------ Exercise inputs ------

(* Let $\Gamma=(V,E)$ be a simple graph of order $n$ and maximum degree $\Delta$. Then the global defensive alliance number of $\Gamma$ satisfies $$\gamma_{a}(\Gamma)\ge \left\lceil \frac{2n}{\Delta+3}\right\rceil$$ and the global strong defensive alliance number of $\Gamma$ satisfies $$\gamma_{\hat{a}}(\Gamma)\ge \left\lceil \frac{n}{\left\lfloor\frac{\Delta}{2}\right\rfloor+1}\right\rceil.$$
   Context: For $S\subseteq V$ and $v\in V$, $N_S(v)=\{u\in S: u\sim v\}$ and $N_{V\setminus S}(v)=\{u\in V\setminus S: u\sim v\}$. A nonempty set $S\subseteq V$ is a defensive alliance if $|N_S(v)|+1\ge |N_{V\setminus S}(v)|$ for every $v\in S$, and a strong defensive alliance if $|N_S(v)|\ge |N_{V\setminus S}(v)|$ for every $v\in S$. A (strong) defensive alliance is global if it is a dominating set, i.e. every vertex of $V\setminus S$ is adjacent to some vertex of $S$. $\gamma_a(\Gamma)$ (resp. $\gamma_{\hat a}(\Gamma)$) is the minimum cardinality of a global defensive (resp. global strong defensive) alliance. *)

From mathcomp Require Import all_boot all_order.
Set Implicit Arguments. Unset Strict Implicit. Unset Printing Implicit Defensive.

Definition simple_graph (T : finType) (e : rel T) : Prop :=
  symmetric e /\ irreflexive e.

Section Alliances.
Variables (T : finType) (e : rel T).

Definition nbhd_in (S : {set T}) (v : T) : {set T} := [set u in S | e u v].

Definition degree (v : T) : nat := #|[set u | e u v]|.

(* maximum degree Delta (0 for the empty graph) *)
Definition max_degree : nat := \max_(v : T) degree v.

Definition dominating (S : {set T}) : bool :=
  [forall v, (v \notin S) ==> [exists u in S, e u v]].

Definition defensive_alliance (S : {set T}) : bool :=
  (S != set0) &&
  [forall v in S, #|nbhd_in (~: S) v| <= #|nbhd_in S v| + 1].

Definition strong_defensive_alliance (S : {set T}) : bool :=
  (S != set0) &&
  [forall v in S, #|nbhd_in (~: S) v| <= #|nbhd_in S v|].

Definition global_defensive_alliance (S : {set T}) : bool :=
  defensive_alliance S && dominating S.

Definition global_strong_defensive_alliance (S : {set T}) : bool :=
  strong_defensive_alliance S && dominating S.

(* gamma_a and gamma_{hat a}: minimum cardinality; (#|T| if no such set exists,
   which only happens for the empty graph, excluded in the theorem). *)
Definition gamma_a : nat :=
  \big[minn/#|T|]_(S : {set T} | global_defensive_alliance S) #|S|.

Definition gamma_hat_a : nat :=
  \big[minn/#|T|]_(S : {set T} | global_strong_defensive_alliance S) #|S|.

End Alliances.

Definition ceil_div (a b : nat) : nat := (a + b.-1) %/ b.

From mathcomp Require Import all_boot all_order.
From mathcomp Require Import zify.

Set Implicit Arguments. Unset Strict Implicit. Unset Printing Implicit Defensive.

(* Double counting the edges between a dominating set S and its complement:
   every vertex outside S has a neighbour in S, while every vertex of S has at
   most k neighbours outside S, so |V \ S| <= k |S|.  In a defensive alliance a
   vertex of S has at most (Delta + 1)/2 such neighbours, in a strong one at
   most Delta/2, and |V| = |S| + |V \ S| gives the two bounds. *)

Lemma leq_big_minn (I : finType) (P : pred I) (F : I -> nat) (x0 m : nat) :
  m <= x0 -> (forall i, P i -> m <= F i) -> m <= \big[minn/x0]_(i | P i) F i.
Proof.
move=> le_m_x0 le_m_F; elim/big_ind: _ => // x y le_m_x le_m_y.
by rewrite leq_min le_m_x le_m_y.
Qed.

Lemma leq_ceil_div (a b s : nat) : 0 < b -> a <= s * b -> ceil_div a b <= s.
Proof. by move=> b_gt0 le_a_sb; rewrite /ceil_div -ltnS ltn_divLR //; lia. Qed.

Section Counting.
Variables (T : finType) (e : rel T).

Lemma card_nbhd_inC (S : {set T}) (v : T) :
  #|nbhd_in e (~: S) v| + #|nbhd_in e S v| = degree e v.
Proof.
rewrite /degree -(cardsID S [set u | e u v]) addnC.
by congr (_ + _); apply: eq_card => u; rewrite !inE andbC.
Qed.

Lemma degree_le_max (v : T) : degree e v <= max_degree e.
Proof. exact: (leq_bigmax v). Qed.

Lemma card_nbhd_in (S : {set T}) (v : T) :
  #|nbhd_in e S v| = \sum_(u in S) (e u v : nat).
Proof.
rewrite -sum1_card big_mkcond [RHS]big_mkcond /=.
by apply: eq_bigr => u _; rewrite inE; case: (u \in S); case: (e u v).
Qed.

Lemma card_setC_dominating (S : {set T}) (k : nat) :
  symmetric e -> dominating e S ->
  (forall v, v \in S -> #|nbhd_in e (~: S) v| <= k) ->
  #|~: S| <= #|S| * k.
Proof.
move=> e_sym /forallP dom out_le_k.
have ->: #|~: S| = \sum_(u in ~: S) 1 by rewrite sum1_card.
apply: (@leq_trans (\sum_(v in S) #|nbhd_in e (~: S) v|)); last first.
  by rewrite -sum_nat_const; apply: leq_sum.
under [X in _ <= X]eq_bigr do rewrite card_nbhd_in.
rewrite exchange_big /=; apply: leq_sum => u; rewrite inE => uNS.
have /existsP [v /andP [vS e_vu]] := implyP (dom u) uNS.
by rewrite (bigD1 v) //= e_sym e_vu leq_addr.
Qed.

Lemma card_dominating (S : {set T}) (k : nat) :
  symmetric e -> dominating e S ->
  (forall v, v \in S -> #|nbhd_in e (~: S) v| <= k) ->
  #|T| <= #|S| * k.+1.
Proof.
move=> e_sym dom out_le_k; rewrite -(cardsC S) mulnS leq_add2l.
exact: card_setC_dominating.
Qed.

Lemma defensive_alliance_out_le (S : {set T}) :
  defensive_alliance e S -> forall v, v \in S ->
  #|nbhd_in e (~: S) v| <= (max_degree e).+1./2.
Proof.
case/andP=> _ /forall_inP all_def v vS; rewrite geq_half_double -addnn.
have := all_def v vS; have := degree_le_max v; rewrite -(card_nbhd_inC S v).
lia.
Qed.

Lemma strong_defensive_alliance_out_le (S : {set T}) :
  strong_defensive_alliance e S -> forall v, v \in S ->
  #|nbhd_in e (~: S) v| <= (max_degree e)./2.
Proof.
case/andP=> _ /forall_inP all_def v vS; rewrite geq_half_double -addnn.
have := all_def v vS; have := degree_le_max v; rewrite -(card_nbhd_inC S v).
lia.
Qed.

Lemma card_global_defensive_alliance (S : {set T}) :
  symmetric e -> global_defensive_alliance e S ->
  2 * #|T| <= #|S| * (max_degree e + 3).
Proof.
move=> e_sym /andP [all_def dom].
have le_T := card_dominating e_sym dom (defensive_alliance_out_le all_def).
have le_k : 2 * ((max_degree e).+1./2).+1 <= max_degree e + 3.
  by have := odd_double_half (max_degree e).+1; rewrite -muln2; lia.
apply: leq_trans (leq_mul (leqnn #|S|) le_k).
by rewrite mulnCA leq_mul2l le_T orbT.
Qed.

Lemma card_global_strong_defensive_alliance (S : {set T}) :
  symmetric e -> global_strong_defensive_alliance e S ->
  #|T| <= #|S| * ((max_degree e)./2 + 1).
Proof.
move=> e_sym /andP [all_def dom]; rewrite addn1.
exact: card_dominating e_sym dom (strong_defensive_alliance_out_le all_def).
Qed.

End Counting.

Theorem theorem4 (T : finType) (e : rel T) :
  simple_graph e -> 0 < #|T| ->
  ceil_div (2 * #|T|) (max_degree e + 3) <= gamma_a e /\
  ceil_div #|T| ((max_degree e)./2 + 1) <= gamma_hat_a e.
Proof.
move=> [e_sym _] _; split; apply: leq_big_minn.
- by apply: leq_ceil_div; [rewrite addn3 | lia].
- move=> S alliance_S; apply: leq_ceil_div; first by rewrite addn3.
  exact: card_global_defensive_alliance.
- by apply: leq_ceil_div; [rewrite addn1 | lia].
- move=> S alliance_S; apply: leq_ceil_div; first by rewrite addn1.
  exact: card_global_strong_defensive_alliance.
Qed.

------

▶ [Exercise directions] Looking at the data above, say how many lines contain the word "neighbours", with no added words.

▶ [Exercise result] 2